--- Material to process ---

Lemma cdot_mixture_expand n (J : 'M[C]_n) (a : 'cV[C]_n) (b : Omega -> 'cV[C]_n) :
  \sum_w (p w)%:C * cdot (a + b w) (J *m (a + b w)) - cdot a (J *m a) =
  cdot (\sum_w (p w)%:C *: b w) (J *m a) + cdot a (J *m \sum_w (p w)%:C *: b w)
  + \sum_w (p w)%:C * cdot (b w) (J *m b w).
Proof.
have -> : J *m \sum_w (p w)%:C *: b w = \sum_w (p w)%:C *: (J *m b w).
  by rewrite mulmx_sumr; apply: eq_bigr => w _; rewrite -scalemxAr.
rewrite cdot_sumZl cdot_sumZr.
under eq_bigr => w _ do rewrite mulmxDr cdotDl !cdotDr !mulrDr.
rewrite !big_split /= -mulr_suml -rmorph_sum p_sum mul1r; ring.
Qed.

Lemma Re_mixture_cdot_le n (J : 'M[C]_n) (a : 'cV[C]_n) (b : Omega -> 'cV[C]_n) :
  adj J *m J = 1%:M -> vnorm a = 1 ->
  Re (\sum_w (p w)%:C * cdot (a + b w) (J *m (a + b w)) - cdot a (J *m a))
  <= 2 * vnorm (\sum_w (p w)%:C *: b w) + \sum_w p w * vnorm (b w) ^+ 2.
Proof.
move=> JJ a1; rewrite cdot_mixture_expand !raddfD /= [Re (\sum_w _)]raddf_sum /=.
rewrite mulr_natl mulr2n; apply: lerD; first apply: lerD.
- by apply: (le_trans (Re_cdot_unitary_le _ _ JJ)); rewrite a1 mulr1.
- by apply: (le_trans (Re_cdot_unitary_le _ _ JJ)); rewrite a1 mul1r.
- apply: ler_sum => w _; rewrite Re_realM; apply: ler_wpM2l => //.
  by apply: (le_trans (Re_cdot_unitary_le _ _ JJ)); rewrite expr2.
Qed.

Lemma Re_mixture_pure_le n (J U0 : 'M[C]_n) (U : Omega -> 'M[C]_n) (psi : 'cV[C]_n) :
  unitary J -> unitary U0 -> vnorm psi = 1 ->
  Re (\sum_w (p w)%:C * cdot (U w *m psi) (J *m (U w *m psi))
      - cdot (U0 *m psi) (J *m (U0 *m psi)))
  <= 2 * opnorm (\sum_w (p w)%:C *: U w - U0) + \sum_w p w * opnorm (U w - U0) ^+ 2.
Proof.
move=> J_unitary U0_unitary psi1; pose b w := (U w - U0) *m psi.
have -> : \sum_w (p w)%:C * cdot (U w *m psi) (J *m (U w *m psi))
    = \sum_w (p w)%:C * cdot (U0 *m psi + b w) (J *m (U0 *m psi + b w)).
  by apply: eq_bigr => w _; rewrite /b mulmxBl addrC subrK.
have b_mean : \sum_w (p w)%:C *: b w = (\sum_w (p w)%:C *: U w - U0) *m psi.
  rewrite mulmxBl mulmx_suml /b.
  under eq_bigr => w _ do rewrite mulmxBl scalerBr scalemxAl.
  by rewrite sumrB -scaler_suml -rmorph_sum p_sum scale1r.
apply: (le_trans (Re_mixture_cdot_le b J_unitary.2 _)).
  by rewrite vnorm_unitary // U0_unitary.2.
rewrite b_mean; apply: lerD; first by rewrite ler_pM2l // opnorm_ub.
apply: ler_sum => w _; rewrite ler_wpM2l // lerXn2r ?nnegrE ?vnorm_ge0 ?opnorm_ub //.
exact: le_trans (vnorm_ge0 _) (opnorm_ub _ psi1).
Qed.

End Weights.
End Mixture.

Theorem lemma1 (R : realType) (n : nat) (Omega : finType)
  (p : Omega -> R) (U0 : 'M[R[i]]_n) (U : Omega -> 'M[R[i]]_n)
  (psi0 : 'cV[R[i]]_n) (rho0 : 'M[R[i]]_n) :
  (forall w, 0 <= p w) -> \sum_w p w = 1 ->
  unitary U0 -> (forall w, unitary (U w)) ->
  vnorm psi0 = 1 -> density rho0 ->
  let rho := \sum_w (p w)%:C *: (U w *m rho0 *m adj (U w)) in
  let sigma := U0 *m (psi0 *m adj psi0) *m adj U0 in
  trdist rho sigma <=
    trdist rho0 (psi0 *m adj psi0)
    + 2 * opnorm (\sum_w (p w)%:C *: U w - U0)
    + \sum_w p w * opnorm (U w - U0) ^+ 2.
Proof.
move=> p_ge0 p_sum U0_unitary U_unitary psi1 [[rho0_herm _] _]; cbv zeta.
set rho := \sum_w _; set sigma := U0 *m _ *m adj U0.
have rho_herm : adj rho = rho.
  rewrite adj_sum; apply: eq_bigr => w _.
  by rewrite adj_realZ !adj_mul adjK rho0_herm mulmxA.
have sigma_herm : adj sigma = sigma by rewrite !adj_mul !adjK mulmxA.
have [J [J_unitary ->]] := trdist_attained rho_herm sigma_herm.
rewrite tr_mixture_sub_pure raddfD -addrA; apply: lerD.
  apply: Re_mixture_tr_le_trdist => // w.
  exact: unitary_mul (unitary_mul (unitary_adj (U_unitary w)) J_unitary) (U_unitary w).
exact: Re_mixture_pure_le.
Qed.
Theorem lemma4 (R : realType) (n : nat) (p M : R)
  (phi : 'rV[R]_n -> \bar R) :
  1 < p -> proper_fun phi -> lower_semicontinuous phi ->
  0 < M -> p_calm p M phi 0 -> phi 0 = 0%E ->
  forall gamma : R, 0 < gamma -> gamma < (2 `^ (1 - p)) / (M * p) ->
  forall eps : R, 0 < eps ->
  exists U : set 'rV[R]_n, nbhs (0 : 'rV[R]_n) U /\
    (forall x, U x -> prox p gamma phi x !=set0) /\
    (forall x y, U x -> prox p gamma phi x y ->
       enorm y < eps /\ (phi y < eps%:E)%E /\
       (enorm (x - y) `^ (p - 1)) / gamma < eps).
Proof.
move=> p_gt1 _ lsc_phi M_gt0 calm phi0 gamma gamma_gt0 gamma_lt eps eps_gt0.
have p_gt0 : 0 < p := lt_trans ltr01 p_gt1.
have [C C_ge0 prox_le] :=
  prox_enorm_linear p_gt1 M_gt0 gamma_gt0 gamma_lt calm phi0.
have [d1 d1_gt0 small1] :=
  powR_small p_gt0 (mulr_gt0 eps_gt0 (mulr_gt0 p_gt0 gamma_gt0)).
have [d2 d2_gt0 small2] :
    exists2 d, 0 < d & forall t, 0 <= t -> t < d -> t `^ (p - 1) < eps * gamma.
  by apply: powR_small; rewrite ?subr_gt0 ?mulr_gt0.
pose delta := Num.min d1 (Num.min eps d2 / (1 + C)).
have delta_gt0 : 0 < delta.
  by rewrite lt_min d1_gt0 divr_gt0 ?lt_min ?eps_gt0 ?d2_gt0 // ltr_pwDl.
exists [set x | enorm x < delta]; split.
  by apply: (filterS _ (nbhs_enorm_lt 0 delta_gt0)) => x /=; rewrite subr0.
split=> [x _|x y x_lt yx].
  exact: prox_neq0 p_gt1 M_gt0 gamma_gt0 gamma_lt calm phi0 lsc_phi x.
have x_ge0 := enorm_ge0 x.
have y_le := prox_le x y yx.
have xy_le : enorm (x - y) <= enorm x + enorm y by rewrite -(enormN y) enormD.
move: x_lt; rewrite /= /delta lt_min ltr_pdivlMr ?ltr_pwDl // !lt_min.
case/and3P => x_d1 x_eps x_d2.
split; [lra|split].
  apply: le_lt_trans (prox_phi_le p_gt1 gamma_gt0 phi0 yx) _.
  by rewrite lte_fin ltr_pdivrMr ?mulr_gt0 // small1.
by rewrite ltr_pdivrMr // small2 ?enorm_ge0 //; lra.
Qed.
(* Let $L_s,L_t\ge 0$ be integers and $M,N$ positive integers with $\gcd(M,N)=1$, and suppose $N<L_t+1$ and $M<L_s+1$. Let $\bm\Omega_s$ be the $(L_t+1)\times(L_s+1)$ matrix with $(l,p)$-th entry $lM+pN$, $0\le l\le L_t$, $0\le p\le L_s$. Then the number of holes of $\bm\Omega_s$, i.e. the number of integers in $[0, L_tM+L_sN]$ that are not equal to any entry of $\bm\Omega_s$, is $(M-1)(N-1)$. *)

From mathcomp Require Import all_boot all_algebra.
Set Implicit Arguments. Unset Strict Implicit. Unset Printing Implicit Defensive.

Definition Omega_s (Lt Ls M N : nat) : 'M[nat]_(Lt.+1, Ls.+1) :=
  \matrix_(l < Lt.+1, p < Ls.+1) (l * M + p * N)%N.

Definition num_holes (Lt Ls M N : nat) : nat :=
  #|[set k : 'I_(Lt * M + Ls * N).+1 |
      [forall l : 'I_Lt.+1, forall p : 'I_Ls.+1,
         Omega_s Lt Ls M N l p != (k : nat)]]|.

From mathcomp Require Import all_boot all_algebra zify.
Set Implicit Arguments. Unset Strict Implicit. Unset Printing Implicit Defensive.

(* Since gcd(M, N) = 1, two representations l M + p N = l' M + p' N with l' < l
   differ by a multiple of (N, -M).  Hence each entry of Omega_s has exactly one
   "reduced" position (l, p), with l < N or p > Ls - M: from any position, trade
   N copies of M for M copies of N until it is reduced.  The entries are thus
   counted by the reduced positions, whose complement is the rectangle
   [N, Lt] x [0, Ls - M]; so there are (Lt+1)(Ls+1) - (Lt+1-N)(Ls+1-M) distinct
   entries among the Lt M + Ls N + 1 candidates, leaving (M-1)(N-1) holes. *)

Lemma card_ord_geq n a : #|[set i : 'I_n | a <= i]| = n - a.
Proof.
rewrite -sum1_card big_mkcond /=; under eq_bigr do rewrite inE.
elim: n => [|n IHn]; first by rewrite big_ord0.
by rewrite big_ord_recr /= IHn; case: leqP => /=; lia.
Qed.

Lemma card_ord_addn_lt n a : #|[set i : 'I_n | i + a < n]| = n - a.
Proof.
rewrite -(card_ord_geq n a) -(card_imset _ (@rev_ord_inj n)).
apply: eq_card => i; rewrite !inE; apply/imsetP/idP => [[j] | le_ai].
  by rewrite inE => lt_jan -> /=; lia.
by exists (rev_ord i); rewrite ?rev_ordK // inE /=; have := ltn_ord i; lia.
Qed.

Section ReducedPositions.

Variables M N Ls : nat.
Hypothesis N_gt0 : 0 < N.

Definition reduced l p := (l < N) || (Ls < p + M).

Lemma exists_reduced_lin_comb l p : p <= Ls ->
  exists l' p', [/\ l' <= l, p' <= Ls, reduced l' p' &
                    l' * M + p' * N = l * M + p * N].
Proof.
elim/ltn_ind: l p => l IHl p le_pLs.
have [red_lp | ] := boolP (reduced l p); first by exists l, p.
rewrite /reduced negb_or -!leqNgt => /andP[le_Nl le_pMLs].
have lt_lNl : l - N < l by lia.
have [l' [p' [le_l' le_p' red' eq_lin]]] := IHl (l - N) lt_lNl (p + M) le_pMLs.
exists l', p'; split=> //; first lia.
have le_NMlM : N * M <= l * M by rewrite leq_mul2r le_Nl orbT.
by rewrite eq_lin mulnBl mulnDl (mulnC M N); lia.
Qed.

Hypotheses (M_gt0 : 0 < M) (coMN : coprime M N).

Lemma coprime_lin_comb_gap l p l' p' :
  l' < l -> l * M + p * N = l' * M + p' * N -> N <= l - l' /\ p + M <= p'.
Proof.
move=> lt_l'l eq_lin.
have eq_diff : (l - l') * M = (p' - p) * N by rewrite !mulnBl; lia.
have N_dvd : N %| l - l'.
  by rewrite -(@Gauss_dvdl _ _ M) 1?coprime_sym // eq_diff dvdn_mull.
have M_dvd : M %| p' - p.
  by rewrite -(@Gauss_dvdl _ _ N) // -eq_diff dvdn_mull.
have lt0_p'p : 0 < p' - p.
  by rewrite -(ltn_pmul2r N_gt0) -eq_diff muln_gt0 subn_gt0 lt_l'l.
split; first by apply: dvdn_leq; rewrite ?subn_gt0.
by have := dvdn_leq lt0_p'p M_dvd; lia.
Qed.

Lemma reduced_lin_comb_inj l p l' p' :
  p <= Ls -> p' <= Ls -> reduced l p -> reduced l' p' ->
  l * M + p * N = l' * M + p' * N -> l = l' /\ p = p'.
Proof.
rewrite /reduced => le_pLs le_p'Ls red red' eq_lin.
case: (ltngtP l l') => [lt_ll' | lt_l'l | eq_ll'].
- by have [] := coprime_lin_comb_gap lt_ll' (esym eq_lin); lia.
- by have [] := coprime_lin_comb_gap lt_l'l eq_lin; lia.
- by move: eq_lin; rewrite eq_ll' => /addnI /eqP; rewrite eqn_pmul2r // => /eqP.
Qed.

End ReducedPositions.

Section Holes.

Variables Lt Ls M N : nat.

Let T := Lt * M + Ls * N.

Definition entry (x : 'I_Lt.+1 * 'I_Ls.+1) : 'I_T.+1 := inord (x.1 * M + x.2 * N).

Lemma entryE x : entry x = x.1 * M + x.2 * N :> nat.
Proof.
by rewrite inordK // ltnS leq_add // leq_mul2r -ltnS ltn_ord orbT.
Qed.

Definition reduced_pos := [set x : 'I_Lt.+1 * 'I_Ls.+1 | reduced M N Ls x.1 x.2].

Lemma card_reduced_pos :
  #|reduced_pos| = Lt.+1 * Ls.+1 - (Lt.+1 - N) * (Ls.+1 - M).
Proof.
have compl :
    ~: reduced_pos = setX [set l : 'I_Lt.+1 | N <= l] [set p : 'I_Ls.+1 | p + M < Ls.+1].
  by apply/setP => -[l p]; rewrite !inE /reduced /= negb_or -!leqNgt.
have := cardsC reduced_pos.
by rewrite compl cardsX card_ord_geq card_ord_addn_lt card_prod !card_ord; lia.
Qed.

Hypothesis N_gt0 : 0 < N.

Lemma holes_compl_entries :
  [set k : 'I_T.+1 | [forall l, forall p, Omega_s Lt Ls M N l p != k :> nat]]
  = ~: (entry @: reduced_pos).
Proof.
apply/setP => k; rewrite !inE.
apply/forallP/negP => [no_entry /imsetP[x _ eq_k] | not_entry l].
  by have /forallP/(_ x.2) := no_entry x.1; rewrite mxE eq_k entryE eqxx.
apply/forallP => p; rewrite mxE; apply/eqP => eq_k; apply: not_entry; apply/imsetP.
have [l' [p' [le_l' le_p' red eq_lin]]] :=
  exists_reduced_lin_comb M N_gt0 l (ltn_ord p : p <= Ls).
have lt_l' : l' < Lt.+1 by apply: leq_ltn_trans le_l' (ltn_ord l).
exists (Ordinal lt_l', Ordinal (le_p' : p' < Ls.+1)); first by rewrite inE.
by apply: ord_inj; rewrite entryE /= eq_lin eq_k.
Qed.

Hypotheses (M_gt0 : 0 < M) (coMN : coprime M N).

Lemma entry_inj : {in reduced_pos &, injective entry}.
Proof.
move=> [l p] [l' p']; rewrite !inE /= => red red' /(congr1 (@nat_of_ord _)).
rewrite !entryE /= => eq_lin.
have le_Ls (q : 'I_Ls.+1) : q <= Ls by rewrite -ltnS.
by case: (reduced_lin_comb_inj N_gt0 M_gt0 coMN (le_Ls p) (le_Ls p') red red' eq_lin)
  => /val_inj -> /val_inj ->.
Qed.

End Holes.

Lemma holes_count_arith Lt Ls M N h : 0 < M -> 0 < N -> N <= Lt -> M <= Ls ->
  Lt.+1 * Ls.+1 - (Lt.+1 - N) * (Ls.+1 - M) + h = (Lt * M + Ls * N).+1 ->
  h = (M - 1) * (N - 1).
Proof.
case: M N => [|m] [|n] // _ _ /subnKC <- /subnKC <-.
move: (Lt - n.+1) (Ls - m.+1) => a b.
rewrite -!addnS !addKn !subn1 /=.
nia.
Qed.

Theorem lemma2 (Ls Lt M N : nat) :
  (0 < M)%N -> (0 < N)%N -> coprime M N ->
  (N < Lt + 1)%N -> (M < Ls + 1)%N ->
  num_holes Lt Ls M N = ((M - 1) * (N - 1))%N.
Proof.
move=> M_gt0 N_gt0 coMN lt_NLt lt_MLs.
have le_NLt : N <= Lt by rewrite -ltnS -[Lt.+1]addn1.
have le_MLs : M <= Ls by rewrite -ltnS -[Ls.+1]addn1.
apply: (holes_count_arith M_gt0 N_gt0 le_NLt le_MLs).
rewrite -card_reduced_pos -(card_in_imset (entry_inj N_gt0 M_gt0 coMN)).
by rewrite /num_holes holes_compl_entries // cardsC card_ord.
Qed.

---

Problem statement:
The answer is the run of lines above from the line containing "exact: le_trans (vnorm_ge0" through the line containing "(forall w, 0 <= p w) -> \sum_w p w = 1 ->", copied exactly and alone.

Solution below:
exact: le_trans (vnorm_ge0 _) (opnorm_ub _ psi1).
Qed.

End Weights.
End Mixture.

Theorem lemma1 (R : realType) (n : nat) (Omega : finType)
  (p : Omega -> R) (U0 : 'M[R[i]]_n) (U : Omega -> 'M[R[i]]_n)
  (psi0 : 'cV[R[i]]_n) (rho0 : 'M[R[i]]_n) :
  (forall w, 0 <= p w) -> \sum_w p w = 1 ->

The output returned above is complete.